When I was a kid, I attended a similar type of program. It involved two rounds of summer school at the end of fifth and sixth grades, along with Wednesday evenings and Saturdays during sixth grade. Programs like those mix up the crowd, exposing you to other kids you probably would've never met because you're not in each other's districts.
I don't know how Andrew's program might've worked, but mine included older kids who had already gone through the program and had been offered to return and work with kids just beginning the program. Of course, to me at the time they looked like adults, but in reality they were probably just five or six years older than I.
Could Andrew's program have had a similar structure, and maybe he connected with one of those older kids? Or with a teacher/mentor? Any one of these could've been a pedophile who knew how to groom him.
If so, this might explain the lack of an online presence because they could've exchanged contact info directly. They could've even arranged to meet up at certain times after his regular school started (through pay phones?), which would explain his sudden desire to "walk" home from school.

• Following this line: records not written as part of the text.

(* Let $L$ be an $\mathbb{M}$-compositional varietal family of logics and let $K\subseteq\mathbb{M}_\xi\Sigma$ be a language with a syntactic algebra. The following statements are equivalent (where $\Delta$ ranges over sort-wise finite subfamilies of $L$, in items (4)–(7) those for which the theory algebras $\Theta_\Delta$ are defined, and $\Gamma$ ranges over alphabets): (1) $K$ is $L$-definable; (2) $K$ is recognised by some $L$-definable algebra; (3) $\mathrm{Syn}(K)$ is $L$-definable; (4) $\mathrm{Syn}(K)$ is a quotient of $\Theta_\Delta\Gamma$ for some $\Delta$ and $\Gamma$; (5) $\mathrm{syn}_K=\varrho\circ\theta_\Delta$ for some $\Delta$ and some surjective morphism $\varrho:\Theta_\Delta\Sigma\to\mathrm{Syn}(K)$; (6) $K$ is recognised by $\Theta_\Delta\Gamma$ for some $\Delta$ and $\Gamma$; (7) $\theta_\Delta:\mathbb{M}\Sigma\to\Theta_\Delta\Sigma$ recognises $K$ for some $\Delta$; (8) $\mathrm{Syn}(K)$ satisfies every $\mathbb{M}$-inequality $s\leq t$ that holds in every theory algebra $\Theta_\Delta\Gamma$; (9) there is some $\Delta$ such that for all $s,t\in\mathbb{M}_\xi\Sigma$, $s\sqsubseteq_{\Delta}t$ implies ($s\in K\Rightarrow t\in K$); (10) ${\sqsubseteq_\Delta}\subseteq{\preceq_K}$ for some $\Delta$.
   Context: Fix a set $\Xi$ of sorts; $\mathsf{Pos}^\Xi$: $\Xi$-sorted families of partial orders with sort-wise monotone maps. $\mathbb{M}$ is a monad on $\mathsf{Pos}^\Xi$ ($\mathrm{flat},\mathrm{sing}$) preserving injective, surjective, bijective functions and preimages and using the standard ordering. $\mathbb{M}$-algebras $\langle A,\pi\rangle$: $\pi\circ\mathbb{M}\pi=\pi\circ\mathrm{flat}$, $\pi\circ\mathrm{sing}=\mathrm{id}$; morphisms commute with products. Finitary: sort-wise finite and finitely generated. Quotient of $\mathfrak{B}$: codomain of a surjective morphism from $\mathfrak{B}$. A preorder $\sqsubseteq$ containing the order is a congruence ordering if $\mathbb{M}q(s)\leq\mathbb{M}q(t)\Rightarrow\pi(s)\sqsubseteq\pi(t)$, $q$ the quotient map onto the ordered set of classes; then the quotient is an algebra with $\pi\circ\mathbb{M}q=q\circ\pi$. Alphabet: finite unordered $\Sigma$; language: $K\subseteq\mathbb{M}_\xi\Sigma$; a morphism $f:\mathbb{M}\Sigma\to\mathfrak{A}$ recognises $K$ if $K=f^{-1}[P]$ for upwards closed $P\subseteq A_\xi$; an algebra recognises $K$ if some morphism into it does. Contexts with hole of sort $\zeta$: $p\in\mathbb{M}(\Sigma+\{\Box\})$, $p[s]$ the image under the algebra morphism extending $\Box\mapsto s$, $c\mapsto\mathrm{sing}(c)$; $p^{-1}[K]=\{s:p[s]\in K\}$. Syntactic congruence: $s\preceq_K t$ ($s,t$ of sort $\zeta$) iff $p[s]\in K\Rightarrow p[t]\in K$ for all contexts $p\in\mathbb{M}_\xi(\Sigma+\{\Box\})$ with hole of sort $\zeta$; $K$ has a syntactic algebra if $\preceq_K$ is a congruence ordering with sort-wise finite quotient $\mathrm{Syn}(K)$, $\mathrm{syn}_K$ the quotient morphism. Variety of languages: closed under finite unions, intersections, inverse algebra morphisms $\mathbb{M}\Sigma\to\mathbb{M}\Gamma$, derivatives. Logic: $\Xi$-sorted formulae, models, satisfaction; $M\sqsubseteq_\Delta N$ iff every formula in $\Delta$ true in $M$ is true in $N$. A family of logics $L$ assigns to each alphabet a logic $L[\Sigma]$ with models $\mathbb{M}\Sigma$, and to $f:\Sigma\to\Gamma$ a sort-preserving $\lambda_f:L[\Gamma]\to L[\Sigma]$ with $s\models\lambda_f(\varphi)\iff\mathbb{M}f(s)\models\varphi$. $L$-definable language: $\{s:s\models\varphi\}$ for a formula $\varphi$ of the right sort; for a finite ordered $C$, $K\subseteq\mathbb{M}C$ is $L$-definable if its preimage under $\mathbb{M}\iota$ ($\iota$ identity from $C$ with trivial order) is. Varietal: $L$-definable languages form a variety. Subfamily $\Delta$: $\Delta[\Sigma]\subseteq L[\Sigma]$, sort-wise finite if finite in each sort up to equivalence; $\sqsubseteq_\Delta$ on $\mathbb{M}\Sigma$ means $\sqsubseteq_{\Delta[\Sigma]}$. $L$ is $\mathbb{M}$-compositional if for every finite subfamily $\Phi$ there is a sort-wise finite $\Delta\supseteq\Phi$ with each $\sqsubseteq_{\Delta[\Sigma]}$ a congruence ordering; then $\Theta_\Delta\Sigma:=\mathbb{M}\Sigma/{\sqsubseteq_{\Delta[\Sigma]}}$ with quotient morphism $\theta_\Delta$. $C\subseteq A$ finite is $L$-definably embedded if $\pi^{-1}(\uparrow a)\cap\mathbb{M}C$ is $L$-definable for all $a$; $\mathfrak{A}$ is $L$-definable if finitary and all finite subsets are $L$-definably embedded. $\mathbb{M}$-inequalities: for finite unordered $X$, $\widehat{\mathbb{M}}X$ consists of families $(t_\beta)$, indexed by morphisms $\beta:\mathbb{M}X\to\mathfrak{A}$ into finitary algebras, with $t_\beta\in A_\xi$ and $\varphi(t_\beta)=t_{\varphi\circ\beta}$ for morphisms $\varphi$ of finitary algebras (componentwise order), $\mathrm{val}(t;\beta)=t_\beta$; an inequality $s\leq t$ ($s,t\in\widehat{\mathbb{M}}X$ of equal sort) holds in a finitary $\mathfrak{A}$ if $\mathrm{val}(s;\beta)\leq\mathrm{val}(t;\beta)$ for all $\beta:\mathbb{M}X\to\mathfrak{A}$. *)

From Stdlib Require Import List FunctionalExtensionality PropExtensionality ProofIrrelevance.
Unset Implicit Arguments.
Lemma cabsD (x y : C) : cabs (x + y) <= cabs x + cabs y.
Proof. exact: le_normcD. Qed.

Lemma cabsN (x : C) : cabs (- x) = cabs x.
Proof. exact: normcN. Qed.

Lemma cabs1 : cabs (1 : C) = 1.
Proof. exact: ComplexField.Normc.normc1. Qed.

Lemma cabs_eq0 (x : C) : (cabs x == 0) = (x == 0).
Proof.
apply/eqP/eqP => [/ComplexField.Normc.eq0_normc //|->].
exact: ComplexField.Normc.normc0.
Qed.

Lemma cabs0 : cabs (0 : C) = 0.
Proof. by apply/eqP; rewrite cabs_eq0. Qed.

Lemma cabs_gt0 {x : C} : x != 0 -> 0 < cabs x.
Proof. by move=> x0; rewrite lt_def cabs_eq0 x0 cabs_ge0. Qed.

Lemma cabsX (x : C) n : cabs (x ^+ n) = cabs x ^+ n.
Proof. by elim: n => [|n IH]; rewrite ?expr0 ?cabs1 // !exprS cabsM IH. Qed.

Lemma cabs_conj (x : C) : cabs x^*%C = cabs x.
Proof. by case: x => a b; rewrite /cabs /= sqrrN. Qed.

Lemma cabs_real (r : R) : cabs r%:C = `|r|.
Proof. by rewrite /cabs /= expr0n /= addr0 sqrtr_sqr. Qed.

Lemma cabs_sum I (r : seq I) (F : I -> C) :
  cabs (\sum_(i <- r) F i) <= \sum_(i <- r) cabs (F i).
Proof.
elim: r => [|a r IH]; first by rewrite !big_nil cabs0.
by rewrite !big_cons; apply: le_trans (cabsD _ _) _; exact: lerD.
Qed.

Lemma Re_le_cabs (z : C) : complex.Re z <= cabs z.
Proof.
case: z => a b; rewrite /cabs /=.
have [a0|a0] := leP a 0; first exact: le_trans a0 (sqrtr_ge0 _).
rewrite -[leLHS](ger0_norm (ltW a0)) -sqrtr_sqr.
by apply: ler_wsqrtr; rewrite lerDl sqr_ge0.
Qed.

(* conjugation commutes with powers (stated for the conjugation of R[i], so
   that rewriting keeps the conj notation) *)
Lemma conjcX (x : C) n : (x ^+ n)^*%C = x^*%C ^+ n.
Proof. exact: rmorphXn. Qed.

Lemma Re_realM (s : R) (z : C) : complex.Re (s%:C * z) = s * complex.Re z.
Proof. by case: z => a b /=; ring. Qed.

Lemma cabsB_sqr (u v : C) :
  cabs (u - v) ^+ 2 = cabs u ^+ 2 - 2 * complex.Re (u * v^*%C) + cabs v ^+ 2.
Proof. by rewrite !cabs_sqr; case: u => a b; case: v => c d /=; ring. Qed.

Lemma cabs_expiC (t : R) : cabs (expiC t) = 1.
Proof. by rewrite /cabs /expiC /= cos2Dsin2 sqrtr1. Qed.

Lemma expiC_conj (t : R) : expiC t * (expiC t)^*%C = 1.
Proof.
apply/eqP; rewrite /expiC eq_complex /=; apply/andP; split; apply/eqP; last by ring.
by rewrite -(cos2Dsin2 t); ring.
Qed.

Lemma expiC_exp n (t : R) : expiC t ^+ n = expiC (n%:R * t).
Proof.
elim: n => [|n IH]; first by rewrite expr0 mul0r /expiC cos0 sin0.
rewrite exprS IH /expiC /= -natr1 mulrDl mul1r cosD sinD.
by apply/eqP; rewrite eq_complex /=; apply/andP; split; apply/eqP; ring.
Qed.

Lemma Re_conj_expiC (y : R) (c : C) :
  complex.Re ((expiC y)^*%C * c) = cos y * complex.Re c + sin y * complex.Im c.
Proof. by case: c => a b; rewrite /expiC /=; ring. Qed.

Lemma cabs_segment_lt1 (e th : R) : 0 < e <= cos th -> cabs (1 - e%:C * expiC th) < 1.
Proof.
move=> /andP[e0 ec]; have c0 := cabs_ge0 (1 - e%:C * expiC th).
suff : cabs (1 - e%:C * expiC th) ^+ 2 < 1 by nra.
rewrite cabs_sqr /expiC /=.
have -> : (1 - (e * cos th - 0 * sin th)) ^+ 2 + (0 - (e * sin th + 0 * cos th)) ^+ 2
   = 1 - 2 * e * cos th + e ^+ 2 * (cos th ^+ 2 + sin th ^+ 2) by ring.
by rewrite cos2Dsin2; nra.
Qed.

End ComplexModulus.

Section PolynomialEstimates.
Context {R : realType}.
Local Notation C := R[i].
Local Open Scope complex_scope.

Definition coef_norm (p : {poly C}) : R := \sum_(i < size p) cabs p`_i.

Lemma coef_norm_ge0 p : 0 <= coef_norm p.
Proof. by apply: sumr_ge0 => i _; exact: cabs_ge0. Qed.

Lemma horner_bound (p : {poly C}) z : cabs z <= 1 -> cabs p.[z] <= coef_norm p.
Proof.
move=> z1; rewrite horner_coef; apply: le_trans (cabs_sum _ _ _) _.
apply: ler_sum => i _; rewrite cabsM cabsX.
by apply: ler_piMr; rewrite ?cabs_ge0 // exprn_ile1 ?cabs_ge0.
Qed.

As for the "walk", I'm sorry, but I don't buy that. If it's true that the distance between his school and home is 5 miles, that's 100 blocks in New York City (where I'm from). I love to walk in the city, but I can't imagine doing that with a backpack full of school books. I think he was using that extra time to meet up with this person.
I do think he had the intention of coming home. I agree that putting the uniform in the laundry was a ruse to buy himself more time in case he was late from his outing. Since he had perfect attendance, would he have known that the school reported an absence directly to his parents?
Just for reference, I discovered that
in 2007, £200 was approximately $400. Even in New York City today, there's plenty you can do with $400 in your pocket, and even more if you know how to be frugal—though I don't know how much more things cost on average in Great Britain than they do here in the U.S.